Assignment >> Copy each line of the entries that contains the word "sumd".

Records to process >>
Definition term_psh : psh :=
  @Psh (fun _ => unit) (fun _ _ _ x => x) (fun _ _ => erefl) (fun _ _ _ _ _ _ => erefl).

Section Prod.
Variables P Q : psh.
Definition prod_act m n (f : hom m n) (x : P n * Q n) : P m * Q m :=
  (act P f x.1, act Q f x.2).
Lemma prod_act_id n x : prod_act (hom_id n) x = x.
Proof. by case: x => a b; rewrite /prod_act /= !act_id. Qed.
Lemma prod_act_comp m n p (f : hom m n) (g : hom n p) x :
  prod_act (hom_comp g f) x = prod_act f (prod_act g x).
Proof. by case: x => a b; rewrite /prod_act /= !act_comp. Qed.
Definition prod_psh : psh :=
  @Psh (fun n => (P n * Q n)%type) prod_act prod_act_id prod_act_comp.
End Prod.

Definition nt_pair (Z P Q : psh) (f : nat_tr Z P) (g : nat_tr Z Q) : nat_tr Z (prod_psh P Q).
Proof.
refine (@NatTr Z (prod_psh P Q) (fun n z => (f n z, g n z)) _).
by move=> m n h x /=; rewrite /prod_act /= !nt_nat.
Defined.

Definition nt_prod (P P' Q Q' : psh) (f : nat_tr P P') (g : nat_tr Q Q') :
  nat_tr (prod_psh P Q) (prod_psh P' Q').
Proof.
refine (@NatTr (prod_psh P Q) (prod_psh P' Q') (fun n x => (f n x.1, g n x.2)) _).
by move=> m n h [a b] /=; rewrite /prod_act /= !nt_nat.
Defined.

Lemma I_act_id n (x : hom n 1) : hom_comp x (hom_id n) = x.
Proof. exact: hom_ext. Qed.
Lemma I_act_comp m n p (f : hom m n) (g : hom n p) (x : hom p 1) :
  hom_comp x (hom_comp g f) = hom_comp (hom_comp x g) f.
Proof. exact: hom_ext. Qed.
Definition Ipsh : psh :=
  @Psh (fun n => hom n 1) (fun m n f x => hom_comp x f) I_act_id I_act_comp.

Lemma const_join n (k : bool) (x y : cube n) :
  ([ffun _ => k] : cube 1) = cjoin [ffun _ => k] [ffun _ => k].
Proof. by apply/ffunP => i; rewrite !ffunE orbb. Qed.
Definition const_hom n (k : bool) : hom n 1 :=
  @Hom n 1 (fun _ => [ffun _ => k]) (@const_join n k).

Definition delta (k : bool) : nat_tr term_psh Ipsh.
Proof.
refine (@NatTr term_psh Ipsh (fun n _ => const_hom n k) _).
by move=> m n f x; apply: hom_ext.
Defined.

Section Pushout.
Variables A B C : psh.
Variables (f : nat_tr A B) (g : nat_tr A C).

Definition sact m n (h : hom m n) (x : B n + C n) : B m + C m :=
  match x with inl b => inl (act B h b) | inr c => inr (act C h c) end.

Inductive prel n : B n + C n -> B n + C n -> Prop :=
  prel_intro a : prel (inl (f n a)) (inr (g n a)).

Definition eqv n := clos_refl_sym_trans _ (@prel n).

Lemma eqv_refl n (x : B n + C n) : eqv x x.
Proof. exact: rst_refl. Qed.
Lemma eqv_sym n (x y : B n + C n) : eqv x y -> eqv y x.
Proof. exact: rst_sym. Qed.
Lemma eqv_trans n (x y z : B n + C n) : eqv x y -> eqv y z -> eqv x z.
Proof. exact: rst_trans. Qed.

Lemma eqv_act m n (h : hom m n) x y : eqv x y -> eqv (sact h x) (sact h y).
Proof.
elim=> {x y} [x y [a]| x | x y _ IH | x y z _ IH1 _ IH2].
- apply: rst_step; rewrite /= -!nt_nat; exact: prel_intro.
- exact: rst_refl.
- exact: rst_sym.
- exact: rst_trans IH2.
Qed.

Definition qob n := {S : B n + C n -> Prop | exists x, S = @eqv n x}.

Lemma sig_ext n (s t : qob n) : proj1_sig s = proj1_sig t -> s = t.
Proof. case: s t => s Hs [t Ht] /= E; subst t; f_equal; apply: proof_irrelevance. Qed.

Definition cls n (x : B n + C n) : qob n := exist _ (@eqv n x) (ex_intro _ x erefl).

Lemma eqv_pred n (x y : B n + C n) : eqv x y -> eqv x = eqv y.
Proof.
move=> E; apply: functional_extensionality => z; apply: propositional_extensionality.
split=> H.
- exact: eqv_trans (eqv_sym E) H.
- exact: eqv_trans E H.
Qed.

Lemma cls_surj n (S : qob n) : exists x, S = cls x.
Proof. case: S => S [x Ex]; exists x; exact: sig_ext. Qed.

Lemma qact_proof m n (h : hom m n) (S : qob n) :
  exists x, (fun y => exists x, proj1_sig S x /\ eqv (sact h x) y) = eqv x.
Proof.
case: S => S [x0 E0] /=; exists (sact h x0).
apply: functional_extensionality => y; apply: propositional_extensionality; split.
- by case=> x [Sx E]; rewrite E0 in Sx; exact: eqv_trans (eqv_act h Sx) E.
- by move=> E; exists x0; split => //; rewrite E0; exact: rst_refl.
Qed.

Definition qact m n (h : hom m n) (S : qob n) : qob m :=
  exist _ _ (qact_proof h S).

Lemma qact_cls m n (h : hom m n) x : qact h (cls x) = cls (sact h x).
Proof.
apply: sig_ext => /=; apply: functional_extensionality => y;
  apply: propositional_extensionality; split.
- by case=> z [Sz E]; exact: eqv_trans (eqv_act h Sz) E.
- by move=> E; exists x; split => //; exact: rst_refl.
Qed.

Lemma qact_id n (S : qob n) : qact (hom_id n) S = S.
Proof. by case: (cls_surj S) => x ->; rewrite qact_cls; case: x => [b|c] /=; rewrite act_id. Qed.

Lemma qact_comp m n p (h : hom m n) (k : hom n p) S :
  qact (hom_comp k h) S = qact h (qact k S).
Proof.
by case: (cls_surj S) => x ->; rewrite !qact_cls; case: x => [b|c] /=; rewrite act_comp.
Qed.

Definition pushout : psh := @Psh qob qact qact_id qact_comp.

Variables (Z : psh) (h1 : nat_tr B Z) (h2 : nat_tr C Z).
Hypothesis H : eq_nt (nt_comp h1 f) (nt_comp h2 g).

Definition sdesc n (x : B n + C n) : Z n :=
  match x with inl b => h1 n b | inr c => h2 n c end.

Lemma sdesc_eqv n (x y : B n + C n) : eqv x y -> sdesc x = sdesc y.
Proof.
elim=> {x y} [x y [a]| x | x y _ IH | x y z _ IH1 _ IH2] //.
- exact: H.
- by rewrite IH1.
Qed.

Definition rep n (S : qob n) : B n + C n :=
  proj1_sig (constructive_indefinite_description _ (proj2_sig S)).

Lemma rep_spec n (S : qob n) : proj1_sig S = eqv (rep S).
Proof. exact: (proj2_sig (constructive_indefinite_description _ (proj2_sig S))). Qed.

Definition qdesc n (S : qob n) : Z n := sdesc (rep S).

Lemma qdesc_cls n (x : B n + C n) : qdesc (cls x) = sdesc x.
Proof.
rewrite /qdesc; apply: sdesc_eqv.
have E := rep_spec (cls x); simpl in E.
have Hx : eqv x x := eqv_refl x.
by rewrite E in Hx.
Qed.

Lemma qdesc_nat m n (h : hom m n) (S : qob n) :
  qdesc (qact h S) = act Z h (qdesc S).
Proof.
case: (cls_surj S) => x ->; rewrite qact_cls !qdesc_cls.
by case: x => [b|c] /=; rewrite nt_nat.
Qed.

Definition pushout_desc : nat_tr pushout Z := @NatTr pushout Z qdesc qdesc_nat.
End Pushout.

(* For f : X -> Y and g : X' -> Y', the map (X x Y') +_{X x X'} (Y x X') -> Y x Y'. *)
Definition pp (X Y X' Y' : psh) (f : nat_tr X Y) (g : nat_tr X' Y') :
  nat_tr (pushout (nt_prod (nt_id X) g) (nt_prod f (nt_id X'))) (prod_psh Y Y') :=
  @pushout_desc _ _ _ (nt_prod (nt_id X) g) (nt_prod f (nt_id X')) (prod_psh Y Y')
    (nt_prod f (nt_id Y')) (nt_prod (nt_id Y) g) (fun _ _ => erefl).

(* M_r(m) = pushout of m and <r m, id_A> : A -> I x A; and
   r x^_B m : M_r(m) -> I x B, restricting to <r, id_B> on B and I x m on I x A. *)
Definition Mr (A B : psh) (r : nat_tr B Ipsh) (m : nat_tr A B) : psh :=
  pushout m (nt_pair (nt_comp r m) (nt_id A)).

Definition rpp (A B : psh) (r : nat_tr B Ipsh) (m : nat_tr A B) :
  nat_tr (Mr r m) (prod_psh Ipsh B) :=
  @pushout_desc _ _ _ m (nt_pair (nt_comp r m) (nt_id A)) (prod_psh Ipsh B)
    (nt_pair r (nt_id B)) (nt_prod (nt_id Ipsh) m) (fun _ _ => erefl).
(* Let ${\bf R}=(R_1,\dots,R_d)\in\mathbb R_+^d$, $p=\max\{\frac12,R_1,\dots,R_d\}$, $g({\bf R})=\frac{1}{1/R_1+\cdots+1/R_d}$, $b_{\bf R}=\big(\sum_{j=1}^d(1/2)^{2R_j}\big)^{1/(2p)}$, and for $m\in\mathbb N$ let $C(m,{\bf R},d)=\#\{{\bf k}\in\mathbb Z^d:\sum_{j=1}^d|k_j|^{2R_j}\le m^{2p}\}$. Then for every $m\in\mathbb N$, $$\big((m-b_{\bf R})_+\big)^{p/g({\bf R})}\mathrm{vol}(B^d_{2{\bf R}})\le C(m,{\bf R},d)\le (m+b_{\bf R})^{p/g({\bf R})}\mathrm{vol}(B^d_{2{\bf R}}),$$ where $a_+=\max\{a,0\}$.
   Context: $B^d_{2{\bf R}}=\{{\bf x}\in\mathbb R^d:\sum_{j=1}^d|x_j|^{2R_j}\le1\}$ and vol is Lebesgue measure on $\mathbb R^d$. *)

From Stdlib Require Import Reals Lra List ZArith.
Open Scope R_scope.

Fixpoint sumd (d : nat) (f : nat -> R) : R :=
  match d with O => 0 | S n => sumd n f + f n end.
Fixpoint prodd (d : nat) (f : nat -> R) : R :=
  match d with O => 1 | S n => prodd n f * f n end.
Fixpoint maxd (d : nat) (f : nat -> R) : R :=
  match d with O => / 2 | S n => Rmax (maxd n f) (f n) end.

(* real power x^y for x >= 0, with the convention 0^y = 0 (y > 0) *)
Definition rpow (x y : R) : R :=
  if Req_EM_T x 0 then 0 else Rpower x y.

(* points of R^d are functions nat -> R, only coordinates 0..d-1 matter *)
Definition in_box (d : nat) (a b x : nat -> R) : Prop :=
  forall j, (j < d)%nat -> a j <= x j <= b j.
Definition box_vol (d : nat) (a b : nat -> R) : R :=
  prodd d (fun j => b j - a j).

Definition cover_sum (d : nat) (A : (nat -> R) -> Prop) (s : R) : Prop :=
  exists a b : nat -> nat -> R,
    (forall n j, (j < d)%nat -> a n j <= b n j) /\
    (forall x, A x -> exists n, in_box d (a n) (b n) x) /\
    infinite_sum (fun n => box_vol d (a n) (b n)) s.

Written answer >>
Fixpoint sumd (d : nat) (f : nat -> R) : R :=
  match d with O => 0 | S n => sumd n f + f n end.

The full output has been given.